Règlement de police- 28 janvier 1988

Ville de Walcourt : Règlement de police- 28 janvier 1988
 
Article 195 de la loi communale : coordination des polices – révision du règlement
 
Article 1 :
Monsieur le Gouverneur de la Province de Namur est invité à autoriser les membres de la police communale de Walcourt à exercer leurs attributions sur le territoire des communes des arrondissements de Dinant et Philippeville à exercer leurs attributions dans les mêmes limites, sur le territoire de la commune de Walcourt.
 
Article 2 :
En vue d’assurer la maîtrise d’événements graves (accidents, catastrophes, à l’exclusion des attroupements, émeutes et manifestations de grève survenant sur le territoire d’une des communes concernées, le Bourgmestre, ou en cas d’urgence et si le Bourgmestre ne peut être atteint immédiatement, un membre du collège échevinal ou le responsable du détachement de police se trouvant sur les lieux, peut faire appel au service de police des autres communes, parties du présent accord. Si l’appel n’émanait pas du Bourgmestre lui-même, il lui sera fait rapport sans délai pour l’informer de la situation à laquelle il a fallu faire face.
 
Article 3 :
Lorsqu’une enquête aura été entamée sur le territoire d’une des communes parties au présent accord, par le service de police de cette commune, ce dernier pourra, en cas de besoin, poursuivre ladite enquête sur le territoire des autres communes, parties du présent accord après en avoir référé, le cas échéant, au Procureur du Roi. Le service de police de la Commune sur le territoire de laquelle l’enquête sera poursuivie en sera immédiatement informé et apportera son concours en mettant tout en œuvre pour qu’il soit le plus efficace possible.
 
Article 4 :
Les membres de la police d’une Commune qui, sur leur territoire, poursuivent l’auteur présumé d’une infraction ou un individu condamné du chef d’une infraction, sont autorisés à pénétrer à la suite de celui-ci sur le territoire des autres communes, parties au présent accord. Ils pourront appréhender eux-même la personne poursuivie. Le service de police des communes sur le territoire desquelles la poursuite est continuée sera immédiatement averti, et, s’il en est requis, s’associera dans toute la mesure de ses possibilités à ladite poursuite.
 
Article 5 :
En cas d’application des articles 3 et 4 , les chefs des services de police concernés informeront sans délai leur Bourgmestre respectif des situations qui se sont présentées.
 
Article 6 :
Les services de police des Communes, parties du présent accord, se prêteront mutuellement, en cas de besoin motivé, le matériel dont ils sont dotés (à l’exception de l’armement et des véhicules). Excepté en cas d’urgence, les demandes de prêt seront adressées par le Bourgmestre de la Commune emprunteuse au Bourgmestre de la Commune propriétaire du matériel concerné. Toutes les dispositions seront prises pour que le matériel emprunté soit conservé uniquement durant le temps strictement nécessaire à l’exécution de la ou des soumissions ayant motivé l’emprunt et pour qu’il soit utilisé avec le plus grand soin, en se conformant aux prescr1ptions applicables à cette utilisation. L’équipement informatique dont un service de police serait doté pourra être rendu accessible aux services de police des autres communes, parties du présent accord. Cette mise à disposition sera réglée par une convention particulière.
 
Article 7 :
Toute situation qui n’a pas été envisagée dans les précédents articles mais qui, lorsqu’elle se présente, rendrait nécessaire l’intervention du service de police d’une ou d’autres communes, sera soumise aux Bourgmestres concernés.

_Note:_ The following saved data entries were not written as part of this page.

(* Let $(X\cup Y,\mathbf{d})$ be a finite metric space with opening costs $\mathrm{open}(f)>0$ for $f\in Y$, let $\epsilon \in (0,\frac 12 )$ and let $S\subseteq Y$ be a $c$-approximation to the facility location problem on this instance. For each $x\in X$ let $N_x$ be an $\epsilon \cdot \mathbf{d}(x, S)$-net of $B_Y(\pi_S(x), \mathbf{d}(x,S)/\epsilon)$ and define $\widehat{\mathbf{d}}_S(x,y) = \min_{u\in N_x} \mathbf{d}(x,u) + \mathbf{d}(u,y)$ for $y\in Y$. Then for any set $F\subseteq Y$, \[ \widehat{\mathbf{d}}_S(X,F) + \sum_{f\in F} \mathrm{open}(f) \le (1+6c \epsilon) \cdot \mathrm{fl}(X,F), \] where $\widehat{\mathbf{d}}_S(X,F)=\sum_{x\in X}\min_{y\in F}\widehat{\mathbf{d}}_S(x,y)$ and $\mathrm{fl}(X,F)=\sum_{x\in X}\mathbf{d}(x,F)+\sum_{f\in F}\mathrm{open}(f)$.
   Context: Facility location: find $F\subseteq Y$ minimizing $\mathrm{fl}(X,F)$; $S$ is a $c$-approximation if $\mathrm{fl}(X,S)\le c\cdot\min_{F\subseteq Y}\mathrm{fl}(X,F)$. $B_Y(x,r)=\{y\in Y:\mathbf{d}(x,y)\le r\}$; $\pi_S(x)$ is a point of $S$ closest to $x$, $\mathbf{d}(x,S)=\mathbf{d}(x,\pi_S(x))$, $\mathbf{d}(x,F)=\min_{f\in F}\mathbf{d}(x,f)$. A $\rho$-net of $B$ is a subset $N\subseteq B$ whose distinct points are pairwise at distance $\ge\rho$ and such that every point of $B$ is within distance $\rho$ of some point of $N$. *)

From HB Require Import structures.
From mathcomp Require Import all_boot all_order all_algebra.
Set Implicit Arguments. Unset Strict Implicit. Unset Printing Implicit Defensive.
Import Order.TTheory GRing.Theory Num.Theory.
Local Open Scope ring_scope.

Section FL.
Variables (R : realFieldType) (T : finType).

(* Minimum of f over a finite set A (A nonempty); 0 if A is empty
   (the empty case is never used by the statement). *)
Definition setmin (A : {set T}) (f : T -> R) : R :=
  if [pick u in A] is Some u0 then \big[Num.min/f u0]_(u in A) f u else 0.

Definition is_metric_on (P : {set T}) (d : T -> T -> R) : Prop :=
  [/\ {in P &, forall x y, 0 <= d x y},
      {in P &, forall x y, d x y = 0 <-> x = y},
      {in P &, forall x y, d x y = d y x} &
      {in P & &, forall x y z, d x z <= d x y + d y z}].

Definition dist_set (d : T -> T -> R) (x : T) (F : {set T}) : R := setmin F (d x).

Definition fl (d : T -> T -> R) (op : T -> R) (X F : {set T}) : R :=
  \sum_(x in X) dist_set d x F + \sum_(f in F) op f.

Definition ballY (d : T -> T -> R) (Y : {set T}) (z : T) (r : R) : {set T} :=
  [set y in Y | d z y <= r].

Definition is_net (d : T -> T -> R) (rho : R) (B N : {set T}) : Prop :=
  [/\ N \subset B,
      {in N &, forall u v, u != v -> rho <= d u v} &
      {in B, forall b, exists2 u, u \in N & d b u <= rho}].

(* S is a c-approximation: S ⊆ Y and fl(X,S) <= c * fl(X,F) for every
   (nonempty) F ⊆ Y, i.e. fl(X,S) <= c * min_F fl(X,F). *)
Definition c_approx (d : T -> T -> R) (op : T -> R) (X Y S : {set T}) (c : R) : Prop :=
  [/\ S \subset Y, S != set0 &
      forall F : {set T}, F \subset Y -> F != set0 -> fl d op X S <= c * fl d op X F].

Definition dhat (d : T -> T -> R) (N : T -> {set T}) (x y : T) : R :=
  setmin (N x) (fun u => d x u + d u y).

Definition dhat_set (d : T -> T -> R) (N : T -> {set T}) (X F : {set T}) : R :=
  \sum_(x in X) setmin F (dhat d N x).

End FL.

From HB Require Import structures.
From mathcomp Require Import all_boot all_order all_algebra.
From mathcomp Require Import lra.
Import Order.TTheory GRing.Theory Num.Theory.
Local Open Scope ring_scope.

(* Fix x, let D = d(x,S), p = pi_S(x), and let f in F realize d(x,F).  If f
   lies in the ball B_Y(p, D/eps), a net point within eps*D of f is a detour of
   cost at most 2*eps*D.  Otherwise d(p,f) > D/eps, so D < eps*(D + d(x,F)),
   i.e. D = O(eps * d(x,F)); routing through a net point within eps*D of p then
   costs O(D).  Either way min_F dhat(x,.) <= d(x,F) + 3*eps*(D + d(x,F)), and
   summing over X, with d(X,S) <= fl(X,S) <= c * fl(X,F) and c >= 1, gives the
   bound. *)

Section Setmin.
Context {R : realFieldType} {T : finType}.

Lemma setmin_le {A : {set T}} (f : T -> R) {a} : a \in A -> setmin A f <= f a.
Proof.
rewrite /setmin => aA; case: pickP => [u0 _|A0]; last by rewrite A0 in aA.
exact: bigmin_le_cond.
Qed.

Lemma setmin_attained {A : {set T}} (f : T -> R) {a} :
  a \in A -> exists2 b, b \in A & setmin A f = f b.
Proof.
rewrite /setmin => aA; case: pickP => [u0 u0A|A0]; last by rewrite A0 in aA.
apply: (big_ind (fun v => exists2 b, b \in A & v = f b)) => //.
- by exists u0.
- move=> _ _ [b1 b1A ->] [b2 b2A ->].
  by case: (leP (f b1) (f b2)) => _; [exists b1 | exists b2].
- by move=> b bA; exists b.
Qed.

End Setmin.

Section MetricSpace.
Context {R : realFieldType} {T : finType} {P : {set T}} {d : T -> T -> R}.
Hypothesis dP : is_metric_on P d.

Let d_ge0 {x y} : x \in P -> y \in P -> 0 <= d x y.
Proof. by case: dP => + _ _ _; apply. Qed.
Let d_id {x y} : x \in P -> y \in P -> d x y = 0 <-> x = y.
Proof. by case: dP => _ + _ _; apply. Qed.
Let dC {x y} : x \in P -> y \in P -> d x y = d y x.
Proof. by case: dP => _ _ + _; apply. Qed.
Let d_triangle {x y z} : x \in P -> y \in P -> z \in P -> d x z <= d x y + d y z.
Proof. by case: dP => _ _ _; apply. Qed.

Lemma dist_set_ge0 x (F : {set T}) :
  x \in P -> F \subset P -> F != set0 -> 0 <= dist_set d x F.
Proof.
rewrite /dist_set => xP FP /set0Pn[f0 f0F].
have [f fF ->] := setmin_attained (d x) f0F.
exact: d_ge0 (subsetP FP f fF).
Qed.

Lemma sum_dist_set_ge0 (X F : {set T}) :
  X \subset P -> F \subset P -> F != set0 -> 0 <= \sum_(x in X) dist_set d x F.
Proof.
move=> XP FP F0; apply: sumr_ge0 => x xX.
exact: dist_set_ge0 (subsetP XP x xX) FP F0.
Qed.

Lemma fl_gt0 {op : T -> R} {X F : {set T}} :
  X \subset P -> F \subset P -> F != set0 -> {in F, forall f, 0 < op f} ->
  0 < fl d op X F.
Proof.
move=> XP FP F0 op_gt0; have [f fF] := set0Pn _ F0.
apply: ltr_wpDl; first exact: sum_dist_set_ge0.
rewrite (bigD1 f) //=; apply: ltr_wpDr; last exact: op_gt0.
by apply: sumr_ge0 => g /andP[gF _]; apply/ltW/op_gt0.
Qed.

Lemma c_approx_ge1 {op : T -> R} {X Y S : {set T}} {c : R} :
  X \subset P -> Y \subset P -> {in Y, forall f, 0 < op f} ->
  c_approx d op X Y S c -> 1 <= c.
Proof.
move=> XP YP op_gt0 [SY S0 S_opt].
have flS_gt0 : 0 < fl d op X S.
  by apply: fl_gt0 XP (subset_trans SY YP) S0 _ => // f /(subsetP SY)/op_gt0.
by have := S_opt S SY S0; nra.
Qed.

Section NetDetour.
Context {N : T -> {set T}}.

Lemma dhat_le_near {x y u} :
  u \in N x -> x \in P -> y \in P -> u \in P -> dhat d N x y <= d x y + 2 * d y u.
Proof.
move=> uN xP yP uP; apply: le_trans (setmin_le _ uN) _.
have := d_triangle xP yP uP; rewrite (dC uP yP); lra.
Qed.

Lemma dhat_triangle {x y z} :
  N x \subset P -> N x != set0 -> y \in P -> z \in P ->
  dhat d N x y <= dhat d N x z + d z y.
Proof.
rewrite /dhat => NP /set0Pn[u0 u0N] yP zP.
have [u uN ->] := setmin_attained (fun u => d x u + d u z) u0N.
apply: le_trans (setmin_le _ uN) _.
by rewrite -addrA lerD2l; apply: d_triangle => //; apply: (subsetP NP).
Qed.

Lemma subset_ballY (Y : {set T}) p r : ballY d Y p r \subset Y.
Proof. by apply/subsetP => y; rewrite inE => /andP[]. Qed.

Lemma setmin_dhat_le {Y F : {set T}} {x p} {eps : R} :
  0 < eps -> eps < 1 / 2 -> x \in P -> Y \subset P -> p \in Y ->
  F \subset Y -> F != set0 ->
  is_net d (eps * d x p) (ballY d Y p (d x p / eps)) (N x) ->
  setmin F (dhat d N x) <= dist_set d x F + 3 * eps * (d x p + dist_set d x F).
Proof.
move=> eps_gt0 eps_lt xP YP pY FY /set0Pn[f0 f0F] [NB _ N_cover].
rewrite /dist_set; have [f fF ->] := setmin_attained (d x) f0F.
apply: le_trans (setmin_le _ fF) _.
have NP := subset_trans NB (subset_trans (subset_ballY Y p _) YP).
have [pP fP] := (subsetP YP p pY, subsetP YP f (subsetP FY f fF)).
have [xp_ge0 xf_ge0] := (d_ge0 xP pP, d_ge0 xP fP).
case: (leP (d p f) (d x p / eps)) => [f_near | f_far].
- have [u uN fu] : exists2 u, u \in N x & d f u <= eps * d x p.
    by apply: N_cover; rewrite inE (subsetP FY f fF) f_near.
  apply: le_trans (dhat_le_near uN xP fP (subsetP NP u uN)) _; nra.
- have [u uN pu] : exists2 u, u \in N x & d p u <= eps * d x p.
    apply: N_cover; rewrite inE pY (proj2 (d_id pP pP) erefl).
    by rewrite divr_ge0 // ltW.
  have N0 : N x != set0 by apply/set0Pn; exists u.
  apply: le_trans (dhat_triangle NP N0 fP pP) _.
  have dhat_p := dhat_le_near uN xP pP (subsetP NP u uN).
  have pf_le : d p f <= d x p + d x f by rewrite (dC xP pP); apply: d_triangle.
  have xp_small : d x p < eps * (d x p + d x f).
    apply: lt_le_trans (ler_wpM2l (ltW eps_gt0) pf_le).
    by rewrite mulrC -ltr_pdivrMr.
  have : 0 <= d x p * (1 - 2 * eps) by rewrite mulr_ge0 // subr_ge0; lra.
  nra.
Qed.

End NetDetour.

End MetricSpace.

Theorem corollary3p3 (R : realFieldType) (T : finType) (X Y : {set T})
    (d : T -> T -> R) (op : T -> R) (eps c : R) (S : {set T})
    (pi : T -> T) (N : T -> {set T}) :
  is_metric_on (X :|: Y) d ->
  {in Y, forall f, 0 < op f} ->
  0 < eps -> eps < 1 / 2 ->
  c_approx d op X Y S c ->
  {in X, forall x, pi x \in S /\ d x (pi x) = dist_set d x S} ->
  {in X, forall x, is_net d (eps * dist_set d x S)
                     (ballY d Y (pi x) (dist_set d x S / eps)) (N x)} ->
  forall F : {set T}, F \subset Y -> F != set0 ->
    dhat_set d N X F + \sum_(f in F) op f <= (1 + 6 * c * eps) * fl d op X F.
Proof.
move=> dm op_gt0 eps_gt0 eps_lt capx piP netP F FY F0.
have [XP YP] := (subsetUl X Y, subsetUr X Y).
have [SY S0 S_opt] := capx.
have dhat_le : dhat_set d N X F <= \sum_(x in X) dist_set d x F
    + 3 * eps * (\sum_(x in X) dist_set d x S + \sum_(x in X) dist_set d x F).
  rewrite -big_split mulr_sumr -big_split /=; apply: ler_sum => x xX.
  have [piS piD] := piP x xX; have := netP x xX; rewrite -piD => net.
  exact: (setmin_dhat_le (N := N) dm eps_gt0 eps_lt (subsetP XP x xX) YP
           (subsetP SY _ piS) FY F0 net).
have c_ge1 := c_approx_ge1 dm XP YP op_gt0 capx.
have flF_gt0 := fl_gt0 dm XP (subset_trans FY YP) F0
  (fun f fF => op_gt0 f (subsetP FY f fF)).
have flS_le := S_opt F FY F0.
have opS_ge0 : 0 <= \sum_(f in S) op f.
  by apply: sumr_ge0 => f /(subsetP SY)/op_gt0/ltW.
have opF_ge0 : 0 <= \sum_(f in F) op f.
  by apply: sumr_ge0 => f /(subsetP FY)/op_gt0/ltW.
move: dhat_le flS_le flF_gt0 opF_ge0; rewrite /fl.
set A := \sum_(x in X) _ x F; set B := \sum_(x in X) _ x S; set O := \sum_(f in F) _.
clearbody A B O => dhat_le flS_le flF_gt0 O_ge0.
have c_flF : 0 <= (c - 1) * (A + O) by rewrite mulr_ge0 ?subr_ge0 // ltW.
have cost_le : B + A <= 2 * c * (A + O) by lra.
have := ler_wpM2l (ltW eps_gt0) cost_le; lra.
Qed.
(* Let $T$ be a $\pi$-increasing tree, let $V_1\subsetneq V(T)$ be a nonempty set which is a union of blocks of $\pi$, and let $v_1\in V_1$. Then $T$ can be written as $T=\mathrm{spl}(T_1,v_1;T_2,v_2)$ for some $\pi$-increasing trees $T_1$, $T_2$ with vertex-sets $V_1$ and $V_2=V(T)\setminus V_1$ respectively and some vertex $v_2\in V_2$, if and only if $V_1=\bigcup_{i\in I}\pi_i$ where $\{\pi_i: i\in I\}$ is a union of vertex-sets of connected components of $G_{v_1}(T)$. In this case, $T_1$, $T_2$ and $v_2$ are unique.
   Context: Standing assumptions: $r\ge2$ and $\pi$ is a set partition of $\{1,\dots,r\}$ having $\{1\}$ as a block; its blocks are $\pi_i$ with maxima $\mu_i$; $\pi^x$ denotes the block containing $x$. An unordered increasing tree is a rooted tree on distinct positive integers, sons unordered, each son larger than its father. A $\pi$-increasing tree is an unordered increasing tree $T$ whose vertex-set is a union of blocks of $\pi$ and such that for any two elements $i<j$ of a same block of $\pi$ contained in $V(T)$, $i$ is an ancestor of $j$ in $T$. $v$-decomposition: for a vertex $v$ of $T$ with chain $a_1<\dots<a_\ell=v$ from the root to $v$, removing the chain edges leaves components $T^{(a_j)}$ rooted at $a_j$. Splice: for unordered increasing trees $T_1,T_2$ with disjoint vertex-sets and $v_1\in V(T_1)$, $v_2\in V(T_2)$, $v_1>v_2$, $\mathrm{spl}(T_1,v_1;T_2,v_2)$ is the tree on $V(T_1)\cup V(T_2)$ obtained by merging the root-to-$v_1$ chain of $T_1$ and the root-to-$v_2$ chain of $T_2$ into one increasing chain (ending at $v_1$) and attaching at each chain vertex its component from the $v_1$-decomposition of $T_1$ or the $v_2$-decomposition of $T_2$. $v$-dependence graph $G_v(T)$: directed graph on the blocks of $\pi$ contained in $V(T)$; for each such block $\pi_i$ whose maximum $\mu_i$ is not on the chain $a_1,\dots,a_\ell$, $\mu_i$ is a non-root vertex of a unique $T^{(a_j)}$ and there is an edge (possibly a loop) $\pi_i\to\pi^{a_j}$; no other edges. Connected components are taken ignoring directions. *)

From mathcomp Require Import all_boot.
Set Implicit Arguments. Unset Strict Implicit. Unset Printing Implicit Defensive.

(* Vertices live in 'I_n (in the theorem n = r.+1, so that labels 1..r are
   available; 0 is excluded from vertex sets).
   A tree is a pair (vertex set, parent map); the parent map sends every
   non-root vertex to Some parent and everything else (root, non-vertices)
   to None, so Leibniz equality of pairs is equality of rooted trees. *)
Section Defs.
Variable n : nat.

Definition tree := ({set 'I_n} * {ffun 'I_n -> option 'I_n})%type.
Definition verts (T : tree) : {set 'I_n} := T.1.
Definition par (T : tree) (x : 'I_n) : option 'I_n := T.2 x.

Definition is_itree (T : tree) : Prop :=
  [/\ verts T != set0,
      (forall v, v \in verts T -> 0 < v),
      (forall v u, par T v = Some u -> [/\ v \in verts T, u \in verts T & u < v])
    & (forall v w, v \in verts T -> w \in verts T ->
         par T v = None -> par T w = None -> v = w)].

Definition anc (T : tree) (a x : 'I_n) : bool :=
  connect (fun y z => par T y == Some z) x a.

Definition chain (T : tree) (v : 'I_n) : {set 'I_n} := [set a | anc T a v].

Definition omax (S : {set 'I_n}) : option 'I_n :=
  [pick y in S | [forall z in S, z <= y]].

(* root a_j of the component T^(a_j) of the v-decomposition containing x:
   the deepest chain vertex that is an ancestor of x *)
Definition chainroot (T : tree) (v x : 'I_n) : 'I_n :=
  odflt x (omax [set a | anc T a x && anc T a v]).

Definition union_of_blocks (P : {set {set 'I_n}}) (U : {set 'I_n}) : Prop :=
  exists S : {set {set 'I_n}}, S \subset P /\ U = cover S.

Definition pi_increasing (P : {set {set 'I_n}}) (T : tree) : Prop :=
  [/\ is_itree T, union_of_blocks P (verts T)
    & forall B, B \in P -> B \subset verts T ->
        forall i j, i \in B -> j \in B -> i < j -> anc T i j].

(* spl(T1,v1;T2,v2): merge the two chains into one increasing chain, keep all
   other parent links (i.e. the components of the decompositions). *)
Definition pred_in (C : {set 'I_n}) (x : 'I_n) : option 'I_n :=
  omax [set y in C | y < x].

Definition splice (T1 : tree) (v1 : 'I_n) (T2 : tree) (v2 : 'I_n) : tree :=
  let C := chain T1 v1 :|: chain T2 v2 in
  (verts T1 :|: verts T2,
   [ffun x => if x \in C then pred_in C x
              else if x \in verts T1 then par T1 x else par T2 x]).

Definition blocks_in (P : {set {set 'I_n}}) (U : {set 'I_n}) : {set {set 'I_n}} :=
  [set B in P | B \subset U].

Definition dep_edge (P : {set {set 'I_n}}) (T : tree) (v : 'I_n)
    (B B' : {set 'I_n}) : bool :=
  [&& B \in blocks_in P (verts T), B' \in blocks_in P (verts T) &
      if omax B is Some m then
        (m \notin chain T v) && (B' == pblock P (chainroot T v m))
      else false].

Definition dep_uedge (P : {set {set 'I_n}}) (T : tree) (v : 'I_n) : rel {set 'I_n} :=
  fun B B' => dep_edge P T v B B' || dep_edge P T v B' B.

Definition union_of_components (P : {set {set 'I_n}}) (T : tree) (v : 'I_n)
    (S : {set {set 'I_n}}) : Prop :=
  S \subset blocks_in P (verts T) /\
  (forall B B', B \in S -> connect (dep_uedge P T v) B B' -> B' \in S).

(* T = spl(T1,v1;T2,v2) with T1, T2 pi-increasing on V1 and V(T)\V1, v2 in V2,
   v1 > v2 (required for spl to be defined) *)
Definition spl_decomp (P : {set {set 'I_n}}) (T : tree) (V1 : {set 'I_n})
    (v1 : 'I_n) (T1 T2 : tree) (v2 : 'I_n) : Prop :=
  [/\ pi_increasing P T1 /\ pi_increasing P T2,
      verts T1 = V1 /\ verts T2 = verts T :\: V1,
      v2 \in verts T2, v2 < v1 & T = splice T1 v1 T2 v2].

End Defs.

(* Away from the root-to-v1 chain of T every vertex hangs below a unique chain
   vertex a_j, the root of its component T^(a_j) in the v1-decomposition.  T is a
   splice with V(T1) = V1 exactly when every component T^(a_j) lies entirely
   inside or entirely outside V1.  Since a pi-increasing tree puts each block in
   the same component as its maximum, and G_v1(T) links that block to the block of
   the component's root, this condition says that the blocks of V1 are closed
   under the edges of G_v1(T).  When it holds, T1 and T2 can only be the
   restrictions of T to V1 and to its complement, with the chain relinked along
   its own order, and v2 is the largest chain vertex outside V1. *)

From mathcomp Require Import all_boot.
Set Implicit Arguments. Unset Strict Implicit. Unset Printing Implicit Defensive.

Section Trees.
Variable n : nat.
Implicit Types (T : tree n) (x y z a u v : 'I_n) (D S W : {set 'I_n}).

Lemma ord_ltn_ind (Q : 'I_n -> Prop) :
  (forall x, (forall y, y < x -> Q y) -> Q x) -> forall x, Q x.
Proof.
move=> IH; suff Qk k x : val x = k -> Q x by move=> x; apply: (Qk x).
elim/ltn_ind: k x => k IHk x xk; apply: IH => y.
by rewrite xk => /IHk; apply.
Qed.

Lemma omaxP S y : omax S = Some y -> y \in S /\ forall z, z \in S -> z <= y.
Proof.
rewrite /omax; case: pickP => // z /andP[zS /forallP zmax] [<-].
by split=> // w wS; have := zmax w; rewrite wS.
Qed.
Lemma hankel_polyE : hankel_det_prev u n != 0 ->
  hankel_poly u n = (hankel_det_prev u n / lead_coef p) *: p.
Proof.
move=> det_neq0; have lead_n : lead_coef p = p`_n by rewrite lead_coefE size_p.
have lead_neq0 : p`_n != 0 by rewrite -lead_n lead_coef_eq0 -size_poly_gt0 size_p.
rewrite lead_n; apply/eqP; rewrite -subr_eq0; apply/eqP; apply: (hankel_orth_eq0 det_neq0).
  apply/leq_sizeP => j; rewrite leq_eqVlt => /orP[/eqP<-|lt_nj].
    by rewrite coefB coefZ hankel_poly_lead mulfVK // subrr.
  have le_pj : (size p <= j)%N by rewrite size_p.
  by rewrite coefB coefZ coef_poly ltnNge lt_nj (nth_default 0 le_pj) mulr0 subr0.
by move=> i lt_in; rewrite momentB momentZ hankel_poly_orth // orth_p // mulr0 subrr.
Qed.

Lemma hankel_det_orth : hankel_det_prev u n != 0 ->
  hankel_det u n = hankel_det_prev u n * (moment u n p / lead_coef p).
Proof. by move=> det_neq0; rewrite hankel_det_moment hankel_polyE // momentZ mulrAC mulrA. Qed.

Lemma orthonormal_polyE : 0 < hankel_det_prev u n -> 0 < moment u n p / lead_coef p ->
  orthonormal_poly u n = (lead_coef p * Num.sqrt (moment u n p / lead_coef p))^-1 *: p.
Proof.
move=> det_gt0 H_gt0; have det_neq0 := lt0r_neq0 det_gt0.
have lead_neq0 : lead_coef p != 0 by rewrite lead_coef_eq0 -size_poly_gt0 size_p.
rewrite /orthonormal_poly det_orthonormal_numerator hankel_polyE // scalerA.
rewrite hankel_det_orth // mulrA -expr2 sqrtrM ?sqr_ge0 // sqrtr_sqr ger0_norm ?ltW //.
by congr (_ *: _); field; rewrite det_neq0 lead_neq0 lt0r_neq0 ?sqrtr_gt0.
Qed.

End OrthogonalCandidate.

Section MonicRecurrence.
Variables (u : nat -> R) (p : nat -> {poly R}).
Hypotheses (size_p : forall n, size (p n) = n.+1) (p_monic : forall n, p n \is monic).
Hypothesis p_orth : forall n i, (i < n)%N -> moment u i (p n) = 0.
Hypothesis hankel_neq0 : forall n, hankel_det u n != 0.

Lemma moment_monic_neq0 n : moment u n (p n) != 0.
Proof.
have prev_neq0 : hankel_det_prev u n != 0 by case: n => [|n] //=; exact: oner_neq0.
have := hankel_neq0 n; rewrite (hankel_det_orth (size_p n) (@p_orth n)) //.
by rewrite (monicP (p_monic n)) divr1 mulf_eq0 negb_or => /andP[].
Qed.

Lemma coef_monic_top n : (p n)`_n = 1.
Proof. by rewrite -(monicP (p_monic n)) lead_coefE size_p. Qed.

Lemma coef_monic_gt n j : (n < j)%N -> (p n)`_j = 0.
Proof. by move=> lt_nj; rewrite nth_default ?size_p. Qed.

Lemma monic_orth0 : p 0 = 1.
Proof. by rewrite (size1_polyC (eq_leq (size_p 0))) coef_monic_top. Qed.

Lemma monic_orth1 : p 1 = ('X - (- (p 1)`_0)%:P) * p 0.
Proof.
rewrite monic_orth0 mulr1 polyCN opprK; apply/polyP => -[|[|j]].
- by rewrite coefD coefX coefC add0r.
- by rewrite coefD coefX coefC coef_monic_top addr0.
- by rewrite coefD coefX coefC coef_monic_gt // addr0.
Qed.

Lemma monic_orth_recurrence n :
  p n.+2 = ('X - ((p n.+1)`_n - (p n.+2)`_n.+1)%:P) * p n.+1
           - (moment u n.+1 (p n.+1) / moment u n (p n))%:P * p n.
Proof.
set c := (p n.+1)`_n - (p n.+2)`_n.+1.
set l := moment u n.+1 (p n.+1) / moment u n (p n).
have D0 : p n.+2 - ('X - c%:P) * p n.+1 + l%:P * p n = 0.
  apply: (@hankel_orth_eq0 u n.+1); first exact: hankel_neq0.
    apply/leq_sizeP => -[|k] // le_nk.
    rewrite coefD coefB mulrBl coefB coefXM !coefCM /= (@coef_monic_gt n k.+1) // mulr0 addr0.
    have [->|ne_kn] := eqVneq k n; first by rewrite coef_monic_top /c; ring.
    have [->|ne_kn1] := eqVneq k n.+1.
      by rewrite !coef_monic_top coef_monic_gt // mulr0 subr0 subrr.
    by rewrite !coef_monic_gt; [ring | lia..].
  move=> i lt_in1; rewrite momentD momentB mulrBl momentB moment_mulX !moment_polyC.
  rewrite (@p_orth n.+2 i) ?(ltn_trans lt_in1) // (@p_orth n.+1 i) // mulr0 subr0 sub0r.
  case: (ltnP i n) => [lt_in|le_ni]; first by rewrite !p_orth ?mulr0 ?oppr0 ?addr0.
  have -> : i = n by lia.
  by rewrite /l mulfVK ?moment_monic_neq0 // addNr.
by apply/eqP; rewrite -subr_eq0 -D0; apply/eqP; ring.
Qed.

End MonicRecurrence.
End Moments.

En cas d’urgence, la décision requise pourra être prise par les chefs des services de police intéressés à charge pour eux d’en informer sans retard leur Bourgmestre.
 
Article 8 :
Les Bourgmestres des communes impliquées dans la présente convention conviennent de se rencontrer, au moins une fois chaque année, pour faire le bilan de l’application du présent accord et envisager les modifications qu’il serait opportun d’y apporter. Si un des Bourgmestres en question estimait qu’une réunion s’impose sans délai, il en avertirait le Bourgmestre de Dinant en faisant connaître les raisons de l’urgence. Le Bourgmestre de Dinant s’engage à fixer au plus tôt une date pour la réunion souhaitée. En cas de modification ultérieure de la présente convention : les Conseils communaux seront invités à délibérer sur les amendements.
 
Article 9 :
La présente décision sera transmise pour suite voulue à Monsieur le Gouverneur de la Province de Namur et à Messieurs les Bourgmestres des communes visées. Copie en sera également adressée, pour information, à Monsieur le Procureur du Roi à Dinant, ainsi qu’à Monsieur le Commissaire d’arrondissement de Philippeville.